Шура подумал, что нужно уходить, иначе у него лопнет голова от всех этих артистических нервов и надуманных жестов второсортной мыльной оперы, до которых его мать была большая охотница. Он отставил в сторону пакет молока, не заметив, что смял его, и на пол закапала белая струйка, он не мог больше…
– Ты куда это собрался? – мать, сурово поджав губы и уперев руки в бока, кинулась за ним в прихожую. – К этой дряни?

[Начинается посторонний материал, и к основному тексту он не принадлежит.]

Lemma open_step_cons (x y : T) (k : ekind) (ain lin : bool) (st : seq (ekind * T)) (i : nat) :
  (i < size st)%N ->
  open_step x ain lin ((k, y) :: st) i.+1 =
  open_step y (head_at_next k) (sc_exit (is_bwd k) y x) st i.
Proof.
move=> lt_i; rewrite /open_step /ain_at /lin_at !pnode_cons ?(ltnW lt_i) //.
by case: i lt_i => [|i] lt_i //=; rewrite pnode_cons // ltnW // ltnW.
Qed.

Lemma open_walkP (x : T) (ain lin : bool) (st : seq (ekind * T)) :
  open_walk x ain lin st <->
  (forall i, (i < size st)%N -> open_step x ain lin st i) /\
  pnode x st (size st) \notin Z.
Proof.
elim: st x ain lin => [|[k y] st IH] x ain lin /=; first by split=> [|[]].
rewrite pnode_cons //; split.
  move=> /and3P[ek ox /IH[steps endZ]]; split=> // -[|i] lt_i; first by rewrite /open_step /= ek.
  by rewrite open_step_cons //; apply: steps.
move=> [steps endZ]; have /andP[ek ox] := steps 0 isT.
rewrite ek ox; apply/IH; split=> // i lt_i.
by rewrite -(open_step_cons x y k ain lin) //; apply: steps.
Qed.

Definition open_inner (x0 : T) (st : seq (ekind * T)) (i : nat) : bool :=
  if collider st i then pnode x0 st i \in AncS e Z
  else (pnode x0 st i \notin Z) ||
       [&& sigma, ~~ sc_exit (is_bwd (pkind st i.-1)) (pnode x0 st i) (pnode x0 st i.-1)
        & ~~ sc_exit (is_fwd (pkind st i)) (pnode x0 st i) (pnode x0 st i.+1)].

Lemma open_step_inner (x0 : T) (ain lin : bool) (st : seq (ekind * T)) (i : nat) :
  intermediate st i ->
  open_step x0 ain lin st i =
  edge_ok e Hs (pkind st i) (pnode x0 st i) (pnode x0 st i.+1) && open_inner x0 st i.
Proof. by case: i. Qed.

Lemma blockedP (x0 : T) (st : seq (ekind * T)) :
  blocked x0 st <-> [\/ x0 \in Z, pnode x0 st (size st) \in Z |
                        exists2 i, intermediate st i & ~~ open_inner x0 st i].
Proof.
rewrite /blocked /open_inner; split.
  case: sigma => [[?|[?|[[i [ii [c nA]]]|[i [ii [nc [iZ ex]]]]]]]
                 |[?|[?|[[i [ii [c nA]]]|[i [ii [nc iZ]]]]]]];
    do ?[by constructor 1|by constructor 2]; constructor 3; exists i => //;
    rewrite ?c ?(negbTE nc) ?iZ //= negb_and !negbK.
  by rewrite /sc_exit; case: ex => ->; rewrite ?orbT.
case=> [x0Z|eZ|[i ii]]; first (by case: sigma; left); first by case: sigma; right; left.
case: ifP => [c nA|nc]; first by case: sigma; right; right; left; exists i.
rewrite negb_or negbK => /andP[iZ].
case: sigma => /= ex; right; right; right; exists i; rewrite nc; split=> //.
by rewrite negb_and !negbK in ex; do 2 split => //; case/orP: ex; [left|right].
Qed.

Lemma open_walk_iff (x0 : T) (st : seq (ekind * T)) :
  (x0 \notin Z) && open_walk x0 false false st <-> is_path e Hs x0 st /\ ~ blocked x0 st.
Proof.
rewrite blockedP; split.
  move=> /andP[x0Z /open_walkP[steps endZ]]; split.
    by move=> i lt_i; case/andP: (steps i lt_i).
  case=> [|| [i ii]]; rewrite ?(negbTE x0Z) ?(negbTE endZ) //.
  by case/andP: (ii) => _ /steps; rewrite open_step_inner // => /andP[_ ->].
move=> [pth unblk].
have x0Z : x0 \notin Z by apply/negP => ?; apply: unblk; constructor 1.
rewrite x0Z; apply/open_walkP; split; last by apply/negP => ?; apply: unblk; constructor 2.
case=> [|i] lt_i; first by rewrite /open_step pth //= /open_at /= x0Z.
have ii : intermediate st i.+1 by [].
rewrite open_step_inner // pth //=; apply/negPn/negP => nopen.
by apply: unblk; constructor 3; exists i.+1.
Qed.

End OpenWalk.

(** * Separation in the marginal HEDG *)

Section Marginal.
Variables (V : finType) (E : rel V) (H : {set {set V}}) (W : {set V}).
Hypothesis H_singleton : forall v : V, [set v] \in H.
Variables (C : {set subW W}) (sigma : bool).

Local Notation T := (subW W).
Local Notation EW := (margE E W).
Local Notation HW := (margH E H W).

Definition latent_path (a b : V) : Prop :=
  exists us : seq V, path E a (rcons us b) /\ all (fun u => u \notin W) us.

Lemma margEP (a b : T) : EW a b <-> latent_path (val a) (val b).
Proof. by split=> /asboolP. Qed.

Lemma latent_path_edge (a b : V) : E a b -> latent_path a b.
Proof. by exists [::]; rewrite /= andbT. Qed.

Lemma latent_path_trans (a b c : V) :
  latent_path a b -> b \notin W -> latent_path b c -> latent_path a c.
Proof.
move=> [us1 [p1 U1]] bW [us2 [p2 U2]]; exists (us1 ++ b :: us2); split.
  by rewrite -cat_rcons rcons_cat cat_path last_rcons p1.
by rewrite all_cat U1 /= bW U2.
Qed.

Lemma latent_path_connect (a b : V) : latent_path a b -> connect E a b.
Proof. by move=> [us [p _]]; apply/connectP; exists (rcons us b); rewrite ?last_rcons. Qed.

Lemma connect_marg_path (b : T) (p : seq V) (a : T) (c : V) :
  c = val a \/ c \notin W /\ latent_path (val a) c ->
  path E c p -> last c p = val b -> connect EW a b.
Proof.
elim: p a c => [|x p IH] a c ac /=.
  move=> _ cb; case: ac => [ca|[cW _]]; last by rewrite cb (valP b) in cW.
  by rewrite (val_inj (etrans (esym ca) cb)).
move=> /andP[cx px] lastb.
have ax : latent_path (val a) x.
  case: ac => [<-|[cW ac]]; first exact: latent_path_edge.
  exact: latent_path_trans ac cW (latent_path_edge cx).
case xW : (x \in W); last by apply: (IH a x) => //; right; rewrite xW.
apply: connect_trans (connect1 (_ : EW a (exist _ x xW))) _; first exact/margEP.
by apply: (IH _ x) => //; left.
Qed.

Lemma connect_marg (a b : T) : connect E (val a) (val b) -> connect EW a b.
Proof. by move=> /connectP[p pth lastb]; apply: connect_marg_path pth (esym lastb); left. Qed.

Lemma first_in_W (u w : V) : u \notin W -> connect E u w -> w \in W ->
  exists2 z : T, latent_path u (val z) & connect E (val z) w.
Proof.
move=> + /connectP[p pth ->]; elim: p u pth => [|x p IH] u /=; first by move=> _ /negbTE ->.
move=> /andP[ux px] uW lastW; case xW : (x \in W).
  by exists (exist _ x xW); [apply: latent_path_edge | apply/connectP; exists p].
have [z xz zw] := IH x px (negbT xW) lastW.
by exists z => //; apply: latent_path_trans (latent_path_edge ux) (negbT xW) xz.
Qed.

Lemma Sc_marg (a b : T) : val b \in Sc E (val a) -> b \in Sc EW a.
Proof. by rewrite !in_Sc => /andP[ba ab]; rewrite !connect_marg. Qed.

Lemma AncS_marg (w : T) : val w \in AncS E (val @: C) -> w \in AncS EW C.
Proof.
by move=> /AncSP[_ /imsetP[z zC ->] wz]; apply/AncSP; exists z => //; apply: connect_marg.
Qed.

Definition latent_reach (F : {set V}) (v : V) : Prop :=
  v \in F \/ exists2 f, f \in F & f \notin W /\ latent_path f v.

Lemma latent_reach_step (F : {set V}) (u v : V) :
  latent_reach F u -> u \notin W -> latent_path u v -> latent_reach F v.
Proof.
move=> [uF|[f fF [fW fu]]] uW uv; right; first by exists u.
by exists f => //; split=> //; apply: latent_path_trans fu uW uv.
Qed.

– Мам, успокойся, – пробормотал Шура, завязывая шнурки на ботинках. В висках гремело; он сдернул с вешалки куртку и шарф, в который мама тотчас же вцепилась:
– Не пущу! К этой проститутке – не пущу!
– Мама, да нет у меня никого! – рявкнул Шура. Он никогда не повышал голоса на маму и сейчас даже не осознал, что же все-таки произошло, и почему она влепила ему пощечину.
– Ты как с матерью разговариваешь, гаденыш?! И не смей отворачива…
Шура выскочил в подъезд, и остаток фразы оборвала захлопнувшаяся дверь. Он чуть ли не кубарем скатился с лестницы и вылетел из подъезда в метель и ночь; щека горела как от прикосновения утюга. Шура не знал, куда идет через весь этот снег и не замечал, что по щекам скатываются слезы. В конце концов, он привалился к фонарному столбу и сел в сугроб, захлебываясь от совершенно женских рыданий. Ну почему, почему, почему…
Когда снег из-под колес подъехавшего автомобиля хлестнул его по рукам и груди, то он даже не удивился. Поднялся, открыл дверь и сел.
* * *
Странно, однако чем дальше уезжал от дома красный автомобиль, тем спокойнее у Шуры становилось на душе, будто ссора с мамой вычищалась из его памяти и вообще случилась не с ним. Он утонул в мягком кресле-ковше, вытянув ноги к печке, и ни о чем не думал. В динамиках мурлыкал Мумий Тролль, почему-то почти не раздражая.
– Как ты узнала, что я выйду? – спросил Шура.
Улыбка Лизы казалась ему нарисованной в воздухе улыбкой Чеширского кота. Вернее, кошки.
– Ты не вышел. Ты выбежал, – уточнила Лиза.
– Как ты узнала? – повторил он.
– Это важно?
Шура рассмеялся.
– Нет, – впервые за весь день ему было спокойно и легко. Если бы ему сейчас сказали, что он поругался с мамой, что повысил на нее голос и получил пощечину, а потом ушел из дома, то он бы попросту не поверил – слишком все это не вязалось с покоем, воцарившимся в нем. – Куда мы едем?
– Это важно?
– Важно, – ответил он и снова рассмеялся. – Нет. Неважно. Послушай, чем это пахнет? Трава?
– Ты куришь траву?
Шура погрозил ей пальцем.
– Это не-хо-ро-шо, девушка. Курить траву очень нехорошо.
– Но ты, тем не менее, курил ее, – сказала Лиза и уточнила: – Пару раз, не больше. Мама не узнала.